> _WHAT YOU HAVE TO DO_
Scan the entries below. Report each line where the string "Lemma" occurs.

> _SUPPLIED MATERIAL_
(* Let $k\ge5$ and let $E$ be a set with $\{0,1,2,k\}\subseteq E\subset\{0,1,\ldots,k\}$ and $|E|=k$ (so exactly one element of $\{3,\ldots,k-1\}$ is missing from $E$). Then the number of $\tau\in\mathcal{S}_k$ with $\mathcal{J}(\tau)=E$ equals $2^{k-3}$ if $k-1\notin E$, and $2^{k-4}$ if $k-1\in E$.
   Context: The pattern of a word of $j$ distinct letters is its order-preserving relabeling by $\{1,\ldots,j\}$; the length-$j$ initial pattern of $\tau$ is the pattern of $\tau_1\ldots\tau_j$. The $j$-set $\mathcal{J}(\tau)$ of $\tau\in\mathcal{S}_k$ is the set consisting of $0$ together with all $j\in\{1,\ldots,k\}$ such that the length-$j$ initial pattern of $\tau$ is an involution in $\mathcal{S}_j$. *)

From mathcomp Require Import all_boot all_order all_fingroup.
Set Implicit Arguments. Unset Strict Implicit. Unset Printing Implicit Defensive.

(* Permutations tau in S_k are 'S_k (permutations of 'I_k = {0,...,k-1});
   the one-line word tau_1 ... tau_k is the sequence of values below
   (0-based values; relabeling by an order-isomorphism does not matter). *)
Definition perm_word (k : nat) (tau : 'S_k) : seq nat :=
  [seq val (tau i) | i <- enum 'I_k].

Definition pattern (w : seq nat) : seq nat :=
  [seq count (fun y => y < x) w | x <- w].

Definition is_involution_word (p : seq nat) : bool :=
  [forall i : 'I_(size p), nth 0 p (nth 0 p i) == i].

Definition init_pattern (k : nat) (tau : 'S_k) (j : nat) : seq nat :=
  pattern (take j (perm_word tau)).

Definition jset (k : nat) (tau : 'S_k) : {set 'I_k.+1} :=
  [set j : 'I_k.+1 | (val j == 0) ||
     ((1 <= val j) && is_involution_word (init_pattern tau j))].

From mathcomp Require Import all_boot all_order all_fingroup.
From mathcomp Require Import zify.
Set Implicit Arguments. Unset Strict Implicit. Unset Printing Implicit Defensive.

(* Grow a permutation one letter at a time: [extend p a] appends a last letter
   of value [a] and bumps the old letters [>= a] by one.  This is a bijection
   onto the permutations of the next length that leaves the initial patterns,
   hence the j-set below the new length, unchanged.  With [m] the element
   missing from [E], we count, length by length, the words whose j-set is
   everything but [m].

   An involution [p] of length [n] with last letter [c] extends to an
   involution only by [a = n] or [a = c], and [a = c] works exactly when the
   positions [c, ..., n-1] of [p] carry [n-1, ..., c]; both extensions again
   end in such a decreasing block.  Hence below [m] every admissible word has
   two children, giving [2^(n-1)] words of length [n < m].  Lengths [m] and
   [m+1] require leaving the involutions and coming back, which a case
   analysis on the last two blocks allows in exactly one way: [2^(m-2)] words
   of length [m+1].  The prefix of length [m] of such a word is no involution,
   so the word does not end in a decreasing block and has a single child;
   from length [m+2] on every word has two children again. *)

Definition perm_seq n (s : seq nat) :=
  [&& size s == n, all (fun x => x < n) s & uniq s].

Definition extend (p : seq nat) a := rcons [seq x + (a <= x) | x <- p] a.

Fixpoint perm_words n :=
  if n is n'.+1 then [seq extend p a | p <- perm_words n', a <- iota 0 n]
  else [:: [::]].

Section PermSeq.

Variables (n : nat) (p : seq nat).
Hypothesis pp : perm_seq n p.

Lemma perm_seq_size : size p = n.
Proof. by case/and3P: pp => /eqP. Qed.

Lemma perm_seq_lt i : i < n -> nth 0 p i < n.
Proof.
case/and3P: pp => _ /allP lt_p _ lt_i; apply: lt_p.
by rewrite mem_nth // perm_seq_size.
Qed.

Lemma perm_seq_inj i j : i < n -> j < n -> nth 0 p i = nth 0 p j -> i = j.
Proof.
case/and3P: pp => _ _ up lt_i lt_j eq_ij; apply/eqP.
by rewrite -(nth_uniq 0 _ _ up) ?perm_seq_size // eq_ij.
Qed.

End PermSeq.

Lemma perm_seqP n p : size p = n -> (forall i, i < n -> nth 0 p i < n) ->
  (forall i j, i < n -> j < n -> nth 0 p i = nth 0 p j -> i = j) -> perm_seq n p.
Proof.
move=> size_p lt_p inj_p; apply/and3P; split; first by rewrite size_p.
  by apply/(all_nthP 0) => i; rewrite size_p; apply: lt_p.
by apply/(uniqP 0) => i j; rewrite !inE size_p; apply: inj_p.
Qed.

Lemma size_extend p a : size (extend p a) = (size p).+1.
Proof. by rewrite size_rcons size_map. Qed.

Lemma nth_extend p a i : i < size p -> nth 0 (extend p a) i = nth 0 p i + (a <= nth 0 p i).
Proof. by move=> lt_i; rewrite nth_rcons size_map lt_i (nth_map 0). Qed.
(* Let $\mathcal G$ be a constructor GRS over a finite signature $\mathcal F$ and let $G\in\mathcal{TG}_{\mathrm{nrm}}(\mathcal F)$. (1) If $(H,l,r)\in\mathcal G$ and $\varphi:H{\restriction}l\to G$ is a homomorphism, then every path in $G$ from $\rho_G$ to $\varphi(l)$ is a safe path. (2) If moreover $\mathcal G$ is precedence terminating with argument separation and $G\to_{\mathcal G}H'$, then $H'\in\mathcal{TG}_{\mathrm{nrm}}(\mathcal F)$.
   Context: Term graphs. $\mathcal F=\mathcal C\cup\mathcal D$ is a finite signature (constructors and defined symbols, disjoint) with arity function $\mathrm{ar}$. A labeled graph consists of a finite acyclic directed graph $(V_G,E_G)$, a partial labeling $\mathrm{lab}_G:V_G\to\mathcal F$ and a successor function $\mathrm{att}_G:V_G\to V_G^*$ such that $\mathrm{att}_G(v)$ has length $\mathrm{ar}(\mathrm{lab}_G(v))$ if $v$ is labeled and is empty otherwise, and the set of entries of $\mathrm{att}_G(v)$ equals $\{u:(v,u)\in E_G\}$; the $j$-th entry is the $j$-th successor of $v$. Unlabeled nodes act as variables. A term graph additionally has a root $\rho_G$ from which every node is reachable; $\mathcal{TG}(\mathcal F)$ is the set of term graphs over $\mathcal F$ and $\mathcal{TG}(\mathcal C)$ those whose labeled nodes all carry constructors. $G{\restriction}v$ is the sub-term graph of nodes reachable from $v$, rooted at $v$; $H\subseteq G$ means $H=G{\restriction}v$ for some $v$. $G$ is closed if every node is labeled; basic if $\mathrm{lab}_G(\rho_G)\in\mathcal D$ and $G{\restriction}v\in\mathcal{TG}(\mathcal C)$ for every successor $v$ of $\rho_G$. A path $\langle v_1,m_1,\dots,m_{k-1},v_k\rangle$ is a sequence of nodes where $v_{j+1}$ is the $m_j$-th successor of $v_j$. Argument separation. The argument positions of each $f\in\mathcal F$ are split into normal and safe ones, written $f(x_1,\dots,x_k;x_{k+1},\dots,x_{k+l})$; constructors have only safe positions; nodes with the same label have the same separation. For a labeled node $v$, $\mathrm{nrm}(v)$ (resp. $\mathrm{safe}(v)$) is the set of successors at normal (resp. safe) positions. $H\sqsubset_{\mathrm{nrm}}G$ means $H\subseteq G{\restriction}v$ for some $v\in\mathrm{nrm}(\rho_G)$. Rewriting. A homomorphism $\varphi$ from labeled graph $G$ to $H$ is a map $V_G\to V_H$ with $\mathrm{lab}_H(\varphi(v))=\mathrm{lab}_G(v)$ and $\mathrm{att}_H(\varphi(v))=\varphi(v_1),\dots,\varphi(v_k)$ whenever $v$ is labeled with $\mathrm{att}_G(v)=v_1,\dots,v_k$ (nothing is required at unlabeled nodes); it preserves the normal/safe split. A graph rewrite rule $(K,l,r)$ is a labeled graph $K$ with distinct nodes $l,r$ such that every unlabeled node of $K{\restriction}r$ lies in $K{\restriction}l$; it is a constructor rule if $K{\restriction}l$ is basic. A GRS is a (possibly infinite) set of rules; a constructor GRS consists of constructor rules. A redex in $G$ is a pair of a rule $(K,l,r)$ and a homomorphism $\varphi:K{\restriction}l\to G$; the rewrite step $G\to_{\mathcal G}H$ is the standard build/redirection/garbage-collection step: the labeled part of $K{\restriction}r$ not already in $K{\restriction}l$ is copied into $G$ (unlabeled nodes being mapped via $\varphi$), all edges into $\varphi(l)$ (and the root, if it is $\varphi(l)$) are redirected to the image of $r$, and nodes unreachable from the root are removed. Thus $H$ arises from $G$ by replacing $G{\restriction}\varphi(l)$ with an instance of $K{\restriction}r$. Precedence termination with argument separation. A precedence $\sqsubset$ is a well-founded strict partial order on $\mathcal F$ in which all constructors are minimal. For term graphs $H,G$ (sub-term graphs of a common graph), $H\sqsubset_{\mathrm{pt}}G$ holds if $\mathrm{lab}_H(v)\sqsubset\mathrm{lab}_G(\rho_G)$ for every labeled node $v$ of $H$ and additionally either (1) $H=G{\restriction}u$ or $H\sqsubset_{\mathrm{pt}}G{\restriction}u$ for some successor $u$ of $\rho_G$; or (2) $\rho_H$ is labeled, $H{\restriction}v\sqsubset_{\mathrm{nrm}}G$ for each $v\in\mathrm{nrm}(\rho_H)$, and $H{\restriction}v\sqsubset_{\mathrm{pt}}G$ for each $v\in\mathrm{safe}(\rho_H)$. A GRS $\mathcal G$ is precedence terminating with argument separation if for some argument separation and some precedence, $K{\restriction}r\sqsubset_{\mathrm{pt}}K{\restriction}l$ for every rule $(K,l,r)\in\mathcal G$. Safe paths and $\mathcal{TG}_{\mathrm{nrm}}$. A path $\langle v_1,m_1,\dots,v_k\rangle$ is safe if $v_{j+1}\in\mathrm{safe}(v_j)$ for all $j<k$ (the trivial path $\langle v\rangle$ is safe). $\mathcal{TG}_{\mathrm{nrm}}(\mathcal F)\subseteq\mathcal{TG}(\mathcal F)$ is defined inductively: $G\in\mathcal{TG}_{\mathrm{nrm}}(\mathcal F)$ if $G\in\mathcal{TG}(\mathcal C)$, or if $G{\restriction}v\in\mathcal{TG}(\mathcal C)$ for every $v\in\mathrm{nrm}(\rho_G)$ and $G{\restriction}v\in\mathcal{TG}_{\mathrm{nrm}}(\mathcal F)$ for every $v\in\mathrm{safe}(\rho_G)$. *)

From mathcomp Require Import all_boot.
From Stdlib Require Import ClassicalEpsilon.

> _ANSWER FOR THE TASK_
Lemma perm_seq_size : size p = n.
Lemma perm_seq_lt i : i < n -> nth 0 p i < n.
Lemma perm_seq_inj i j : i < n -> j < n -> nth 0 p i = nth 0 p j -> i = j.
Lemma perm_seqP n p : size p = n -> (forall i, i < n -> nth 0 p i < n) ->
Lemma size_extend p a : size (extend p a) = (size p).+1.
Lemma nth_extend p a i : i < size p -> nth 0 (extend p a) i = nth 0 p i + (a <= nth 0 p i).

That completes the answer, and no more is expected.